Yes! So sorry to be confusing. I’ve been reading through all of your archives and happily adding books to my TBR list! I was trying to figure out which of his books to try next.
“The unexpected inheritance of a fantastic house…” Oh, yes! I see what you mean. Double fantasy, along with the adoring swains!
Have you read Rumer Godden’s China Court? If not, might I give it a recommendation? Godden is a bit (a whole lot!?) more cerebral than D.E. Stevenson, but the basic premise is the same. Well, there’s only one man involved, but the inheritance of the fantasic house angle is certainly in there.

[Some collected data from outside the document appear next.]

Lemma dual_Gl_rescale (lam d : F) : frob lam = lam -> frob d = d -> d != 0 ->
    d ^+ 2 = lam / lam0 ->
  forall x, dual n (Gl k om lam) x = Gl k om lam0 (d^-1 * x).
Proof.
move=> lam_sub d_sub d_neq0 dE x.
have lamE : lam = d ^+ 2 * lam0 by rewrite dE divfK ?lam0_neq0.
have lam_neq0 : lam != 0 by rewrite lamE mulf_neq0 ?expf_neq0 ?lam0_neq0.
rewrite dual_Gl // Gl_tr1 ?frob_lam0 //; congr (tr1 n _ == 1).
have := om_add_frob_neq0; rewrite frobM frobV d_sub lamE /lam0 => om_neq.
by field; rewrite d_neq0 om_neq.
Qed.

Lemma self_dual_Gl_lam0 : self_dual n (Gl k om lam0).
Proof.
split; first exact: (bent_Gl frob_lam0 lam0_neq0).
move=> x; rewrite (@dual_Gl_rescale _ 1) ?invr1 ?mul1r ?frob_lam0 ?oner_neq0 //.
  by rewrite /frob expr1n.
by rewrite expr1n divff ?lam0_neq0.
Qed.

Lemma dual_Gl_delta (lam : F) : lam != 0 -> inSub k lam ->
  let P := fun d : F => [/\ d != 0, inSub k d & d ^+ (2 ^ k + 1) = lam / lam0] in
  (exists d, P d) /\ (forall d1 d2, P d1 -> P d2 -> d1 = d2) /\
  (forall d, P d -> forall x, dual n (Gl k om lam) x = Gl k om lam0 (d^-1 * x)).
Proof.
move=> lam_neq0 lam_sub P; have {}lam_sub : frob lam = lam by apply/eqP.
have ratio_sub : frob (lam / lam0) = lam / lam0 by rewrite frobM frobV frob_lam0 lam_sub.
split; [|split].
- have [d d_sub dE] := subfield_sqrt ratio_sub.
  exists d; split; [|exact/eqP|by rewrite subfield_exp_succ].
  have ratio_neq0 : lam / lam0 != 0 by rewrite mulf_neq0 // invr_eq0 lam0_neq0.
  by apply: contraNneq ratio_neq0 => d0; rewrite -dE d0 expr0n.
- move=> d1 d2 [_ /eqP d1_sub d1E] [_ /eqP d2_sub d2E]; apply: (sqrf_inj charF).
  by rewrite /= -!subfield_exp_succ // d1E d2E.
- move=> d [d_neq0 /eqP d_sub dE]; apply: dual_Gl_rescale => //.
  by rewrite -subfield_exp_succ.
Qed.

Lemma DD_dual_Gl (lam a b : F) : frob lam = lam -> lam != 0 ->
    inSub (2 * k) b -> inSub k (a * b ^+ (2 ^ k)) ->
  forall x, DD (dual n (Gl k om lam)) a b x = false.
Proof.
move=> lam_sub lam_neq0 b_sub ab_sub x.
have {}b_sub : frob (frob b) = b by apply/eqP; rewrite -inSub2E.
have {}ab_sub : frob (a * frob b) = a * frob b by apply/eqP.
have polar_eq0 : frob a * b + a * frob b = 0.
  by rewrite -{1}b_sub -frobM ab_sub (addrr_pchar2 charF).
have dualE y : dual n (Gl k om lam) y
    = (tr1 n (lam * om / (lam * (om + frob om)) ^+ 2 * (frob y * y)) == 1).
  by rewrite dual_Gl // mulrAC.
by rewrite (DD_quadratic dualE) polar_eq0 mulr0 tr1_0 eq_sym oner_eq0.
Qed.

End UnitCircle.
End FrobeniusPower.

Lemma card_inSub_half (F : finFieldType) (m : nat) (rho : F) : (0 < m)%N ->
  (2 ^ (2 * m) - 1).-primitive_root rho -> #|@inSub F m| = (2 ^ m)%N.
Proof.
move=> m_gt0; set Q := (2 ^ m)%N.
have Q_gt1 : (1 < Q)%N by rewrite -{1}(expn0 2) ltn_exp2l.
rewrite mul2n -addnn expnD -/Q; set N := (Q * Q - 1)%N => rho_prim.
have inSubE v : (v \in @inSub F m) = (v ^+ Q == v) by rewrite unfold_in.
apply/eqP; rewrite eqn_leq; apply/andP; split.
  pose p : {poly F} := 'X^Q - 'X.
  have size_p : size p = Q.+1.
    by rewrite /p size_polyDl ?size_polyN ?size_polyX ?size_polyXn.
  rewrite cardE -ltnS -size_p max_poly_roots ?enum_uniq //.
    by rewrite -size_poly_eq0 size_p.
  apply/allP => v; rewrite mem_enum inSubE => /eqP vE.
  by rewrite /root /p !hornerE vE subrr.
have rho_neq0 : rho != 0.
  apply/eqP => rho0; have := prim_expr_order rho_prim; rewrite rho0 expr0n.
  have -> : (N == 0) = false by apply/negbTE; rewrite /N; nia.
  by move/eqP; rewrite eq_sym oner_eq0.
pose roots := 0 :: [seq rho ^+ ((Q + 1) * j) | j <- iota 0 (Q - 1)].
have size_roots : size roots = Q by rewrite /= size_map size_iota; lia.
rewrite -size_roots cardE; apply: uniq_leq_size.
  rewrite /= map_inj_in_uniq ?iota_uniq ?andbT.
    by apply/mapP => -[j _] /esym/eqP; rewrite expf_eq0 (negbTE rho_neq0) andbF.
  move=> i j; rewrite !mem_iota !add0n => i_lt j_lt /eqP.
  by rewrite (eq_prim_root_expr rho_prim) !modn_small ?/N; [move/eqP; nia | nia | nia].
move=> x; rewrite in_cons mem_enum inSubE => /orP[/eqP -> | /mapP [j _ ->]].
  by rewrite expr0n expn_eq0.
rewrite -exprM (eq_prim_root_expr rho_prim).
by rewrite (_ : (Q + 1) * j * Q = j * N + (Q + 1) * j)%N ?modnMDl // /N; nia.
Qed.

Or The Scent of Water by Elzabeth Goudge, one of my favourites of hers. Middle-aged woman unexpectedly inherits house. The romance is in there, but it is definitely not “traditional”; the ending is more poignantly realistic than traditionally “happy”.
Both are lovely reads when one is not feeling up to par.
I’m battling (have mostly conquered?) a bout of the flu here; in recovery mode I am re-reading juveniles and 1950s & 60s finds from my father’s bookshelves.
I have one D.E.Stevenson on hold here for possible Christmas Day reading – The English Air – so it was lovely to see a DES review. And I may dip into Maeve Binchy at long last. My mom said they are a bit of a gamble – some great & some not so, so I’ll keep that in mind.
Hope you’re feeling better every day, Claire. More wintry weather in our future, I hear. Minus 14C here this morning, with a lazy wind. (Too lazy to go around you so it goes right through you.) Brrr! Stay warm & (I guess this is more applicable to a Coast-dweller) dry! 🙂
Thanks for the recommendations, Barb. Godden and I do not get along – I’ve tried at least four of her books now and did not enjoy any of them – but I have not yet read anything by Elizabeth Goudge and am looking forward to tracking down some of her books.
My cold lingers on, though it is happily one of those half-hearted ones. My nose may be stuffy and I may sound like I have a frog in my throat but I feel absolutely fine aside from that and have lots of energy to run about with Christmas preparations. My brother and his girlfriend both seem to have caught this awful flu and they are decidedly worse off.
Oh, I so agree with you regarding real estate in romances. The inheritance of houses (or cottages) and the subsequent “nesting” scenes are as cozy as it gets. One of the others of that theme that has stuck with me is Thorny Hold by Mary Stewart.
I have less patience with cottages; if I’m going to have a real estate fantasy, it’s going to be on a wildly impractical scale!
Sounds perfect for a cold! And for some reason I found ‘a shifty character from Montreal’ very amusing. And how I agree with your final line – books about inherited houses definitely trump books about love triangles.
I suppose if you’re going to have a sinister Canadian figure, Montreal is your best bet. It’s difficult to take a villian from Saskatoon seriously, isn’t it?